Amy Chow
Amy Chow was born in San Jose, California, United States on May 15th, 1978 and is the Gymnast. At the age of 46, Amy Chow biography, profession, age, height, weight, eye color, hair color, build, measurements, education, career, dating/affair, family, news updates, and networth are available.
At 46 years old, Amy Chow has this physical status:
At 11 years old, Chow became the first gymnast at her school to reach the elite level. She began competing nationally in 1990.
Chow's first international competition was the 1994 World Championships in Dortmund, Germany. After a poor showing in preliminaries (she fell twice on vault and three times in a single balance beam routine), she performed well in the team finals, helping the United States clinch a silver medal.
The following year, Chow was part of the gold medal-winning American team at the 1995 Pan American Games, where she also won a gold medal on vault, silver on the uneven bars and bronze in the all-around. She made the United States team for the 1995 World Championships, but had to withdraw because of a sprained ankle sustained just days before the competition.
Chow is primarily known for her performance at the 1996 Summer Olympics, where she won a gold medal with the team and a silver on the uneven bars. At the Olympic Trials, she fell off the beam, scraping her face on the side of the apparatus, but got up and completed her routine despite obvious pain, and was named to the Olympic team along with Amanda Borden, Dominique Dawes, Shannon Miller, Dominique Moceanu, Jaycie Phelps and Kerri Strug. The team would become known as the Magnificent Seven.
In the team final at the Olympics, Chow competed on the uneven bars and vault. In the bars event final, she completed a very difficult routine with an almost flawless dismount and scored a 9.837. She edged out the more experienced Dawes to tie for silver with Bi Wenjing of China, although the commentators felt Chow should not have had to share the medal, as Bi made a visible mistake that the judges did not take into account.
After the Olympics, Chow and her teammates performed in numerous exhibitions, including the John Hancock Tour.
When Chow decided to return to gymnastics in hopes of competing at the 2000 Olympics, she contacted Mark Young and asked him to train her for it. He agreed, despite the fact that he was retired by then. Chow juggled a rigorous training regimen with medical research at Stanford University, where she was working toward her undergraduate degree in biology, but ultimately took time off school to train.
Five of the seven members of the Magnificent Seven tried for a spot on the 2000 Olympic team: Chow, Dawes, Miller, Moceanu and Phelps. In the end, only Chow and Dawes made it, along with Jamie Dantzscher, Kristen Maloney, Elise Ray and Tasha Schwikert. Chow proved she was in top form by finishing second in the all-around at the Olympic Trials. She was also named by Béla Károlyi as one of three leaders of the 2000 team, the other two being Ray and Maloney. The team finished fourth at the Olympics, and individually, Chow finished fourteenth in the all-around final.

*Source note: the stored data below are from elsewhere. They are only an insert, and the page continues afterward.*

(* Let $E$ be a graph, $K$ a field, $c=e_1e_2\cdots e_m$ an exclusive cycle in $E$, and $\mu=c^\infty$. Let $f(x)=1+a_1x+\dots+a_nx^n$ ($n\ge 1$, $a_i\in K$) be an irreducible polynomial in $K[x,x^{-1}]$ and $K'=K[x,x^{-1}]/(f(x))$. Let $V_{[\mu]}^f$ be the Ara–Rangaswamy simple left $L_K(E)$-module described in the context. Then $\mathrm{End}_{L_K(E)}(V_{[\mu]}^f)\cong K'$.
   Context: A graph $E=(E^0,E^1,r,s)$ consists of a vertex set $E^0$, an edge set $E^1$ and range/source maps $r,s:E^1\to E^0$. For a field $F$, the Leavitt path algebra $L_F(E)$ is the free associative $F$-algebra generated by $E^0\cup E^1\cup\{e^*:e\in E^1\}$ subject to: (V) $vv'=\delta_{v,v'}v$ for $v,v'\in E^0$; (E1) $s(e)e=er(e)=e$; (E2) $r(e)e^*=e^*s(e)=e^*$; (CK1) $e^*f=\delta_{e,f}r(e)$ for $e,f\in E^1$; (CK2) $v=\sum_{s(e)=v}ee^*$ for every vertex $v$ emitting a finite nonzero number of edges. A finite path is $e_1\cdots e_n$ with $r(e_i)=s(e_{i+1})$ (vertices are paths of length 0); for a path $\gamma=e_1\cdots e_n$, $\gamma^*=e_n^*\cdots e_1^*$. A cycle is a closed path $e_1\cdots e_n$ ($s(e_1)=r(e_n)$) with $s(e_i)\neq s(e_j)$ for $i\ne j$; it is exclusive if it shares no vertex with any other cycle (other than its own rotations). An infinite path is $e_1e_2\cdots$ with $r(e_i)=s(e_{i+1})$; for $n\ge1$, $\tau_{>n}(e_1e_2\cdots)=e_{n+1}e_{n+2}\cdots$, $\tau_{>0}$ is the identity. Two infinite paths $\mu,\eta$ are tail-equivalent if $\tau_{>m}(\mu)=\tau_{>n}(\eta)$ for some $m,n\ge0$; $[\mu]$ is the class of $\mu$. $V_{[\mu]}$ is the vector space with basis $[\mu]$, a left $L_F(E)$-module via: $v\cdot\eta=\eta$ if $v=s(\eta)$, else $0$; $e\cdot\eta=e\eta$ if $r(e)=s(\eta)$, else $0$; $e^*\cdot\eta=\tau_{>1}(\eta)$ if $\eta=e\eta'$, else $0$. Construction of $V_{[\mu]}^f$: let $\bar x$ be the image of $x$ in the field $K'$; let $\sigma$ be the $K'$-algebra automorphism of $L_{K'}(E)$ fixing all vertices and all $e,e^*$ with $e\neq e_1$, and sending $e_1\mapsto \bar x e_1$, $e_1^*\mapsto \bar x^{-1}e_1^*$. The twisted module $V_{[\mu]}^\sigma$ is $V_{[\mu]}$ (over $L_{K'}(E)$) as a vector space with action $a\cdot m=\sigma(a)m$. $V_{[\mu]}^f$ is $V_{[\mu]}^\sigma$ regarded as an $L_K(E)$-module by restriction of scalars along $L_K(E)\subseteq L_{K'}(E)$; it is a simple $L_K(E)$-module. *)

From HB Require Import structures.
From mathcomp Require Import all_boot all_order ssralg poly polydiv.
From mathcomp Require Import qpoly.
From Stdlib Require List.
Set Implicit Arguments. Unset Strict Implicit. Unset Printing Implicit Defensive.
Import GRing.Theory.
Local Open Scope ring_scope.

Section Graph.
Variables (V Ed : eqType) (s r : Ed -> V).

Definition is_fpath (p : seq Ed) : Prop :=
  match p with [::] => True | e :: p' => path (fun a b => r a == s b) e p' end.

Definition is_cycle (c : seq Ed) : Prop :=
  match c with
  | [::] => False
  | e :: c' => [/\ is_fpath c, s e = r (last e c') & uniq (map s c)]
  end.

Definition cycle_verts (c : seq Ed) : seq V := map s c.

Definition exclusive_cycle (c : seq Ed) : Prop :=
  is_cycle c /\
  forall d, is_cycle d ->
    (exists v, v \in cycle_verts d /\ v \in cycle_verts c) ->
    exists k, d = rot k c.

Definition is_ipath (eta : nat -> Ed) : Prop := forall i, r (eta i) = s (eta i.+1).

Definition tail_equiv (mu eta : nat -> Ed) : Prop :=
  exists m n : nat, forall k : nat, mu (m + k)%N = eta (n + k)%N.

Definition cyc_inf (e1 : Ed) (c' : seq Ed) : nat -> Ed :=
  fun i => nth e1 (e1 :: c') (i %% size (e1 :: c')).

Section Class.
Variable mu : nat -> Ed.

Definition Cls : Type := {eta : nat -> Ed | is_ipath eta /\ tail_equiv eta mu}.

Lemma ctail_proof (eta : Cls) :
  is_ipath (fun i => sval eta i.+1) /\ tail_equiv (fun i => sval eta i.+1) mu.
Proof.
case: eta => eta [Hp [m [n Hmn]]] /=; split; first by move=> i; exact: Hp.
exists m, n.+1 => k /=. rewrite addSn -!addnS; exact: Hmn.
Qed.

Definition ctail (eta : Cls) : Cls := exist _ _ (ctail_proof eta).

Lemma ccons_proof (e : Ed) (eta : Cls) (h : r e = s (sval eta 0)) :
  is_ipath (fun i => if i is j.+1 then sval eta j else e) /\
  tail_equiv (fun i => if i is j.+1 then sval eta j else e) mu.
Proof.
case: eta h => eta [Hp [m [n Hmn]]] /= h; split.
  by case=> [|i] //=; exact: Hp.
by exists m.+1, n => k; rewrite addSn Hmn.
Qed.

Definition ccons (e : Ed) (eta : Cls) (h : r e = s (sval eta 0)) : Cls :=
  exist _ _ (ccons_proof h).
End Class.

Section Module.
Variables (K : fieldType) (f : {poly K}) (e1 : Ed) (c' : seq Ed).

(* K' = K[x]/(f) (= K[x,x^-1]/(f) since f(0) = 1), via the monic associate of f *)
Definition Kp := {poly %/ ((lead_coef f)^-1 *: f)}.
Definition xbar : Kp := qpolyX ((lead_coef f)^-1 *: f).

Definition mu := cyc_inf e1 c'.
Definition Fun := Cls mu -> Kp.

(* finite support: elements of V_[mu] (K'-span of the basis [mu]) *)
Definition fin_supp (F : Fun) : Prop :=
  exists l : seq (Cls mu), forall eta, F eta != 0 -> List.In eta l.

Definition VMod : Type := {F : Fun | fin_supp F}.

(* action of the generators on V_[mu]^sigma, sigma(e1) = xbar e1, sigma(e1^* ) = xbar^-1 e1^* *)
Definition wE (e : Ed) : Kp := if e == e1 then xbar else 1.
Definition wG (e : Ed) : Kp := if e == e1 then xbar^-1 else 1.

Definition actK (k : K) (F : Fun) : Fun := fun eta => k%:A * F eta.
Definition actAdd (F G : Fun) : Fun := fun eta => F eta + G eta.
Definition actV (v : V) (F : Fun) : Fun :=
  fun eta => if s (sval eta 0) == v then F eta else 0.
Definition actE (e : Ed) (F : Fun) : Fun :=
  fun eta => if sval eta 0 == e then wE e * F (ctail eta) else 0.
Definition actG (e : Ed) (F : Fun) : Fun :=
  fun eta => match r e =P s (sval eta 0) with
             | ReflectT h => wG e * F (ccons h)
             | ReflectF _ => 0
             end.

Ten years later, on April 28, 2010, Chow and her teammates were awarded the bronze medal when it was discovered that the original bronze medalists, the Chinese team, had falsified the age of team member Dong Fangxiao. Dong's results were nullified, and the Chinese team was stripped of the medal by the International Olympic Committee. Chow said that while the American team had been disappointed with its fourth-place finish in 2000, she nevertheless felt bad for the Chinese gymnasts because they had worked equally hard to medal.
Chow has two gymnastics skills named after her on the uneven bars: the "Chow/Khorkina" (stalder 1½ pirouette) and the "Chow II" (stalder to Shaposhnikova). She was nicknamed "the Trickster" within the gymnastics community for her extreme difficulty on each apparatus and her ability to perform complicated skills with apparent ease. She was the first American woman to perform a double-twisting Yurchenko vault and a tucked double-double bars dismount in international competition. She also competed one of the most difficult balance beam routines ever performed. It included a standing piked full; back handspring, layout, back handspring, layout series; full-twisting swing down; and round-off, back handspring, triple full dismount.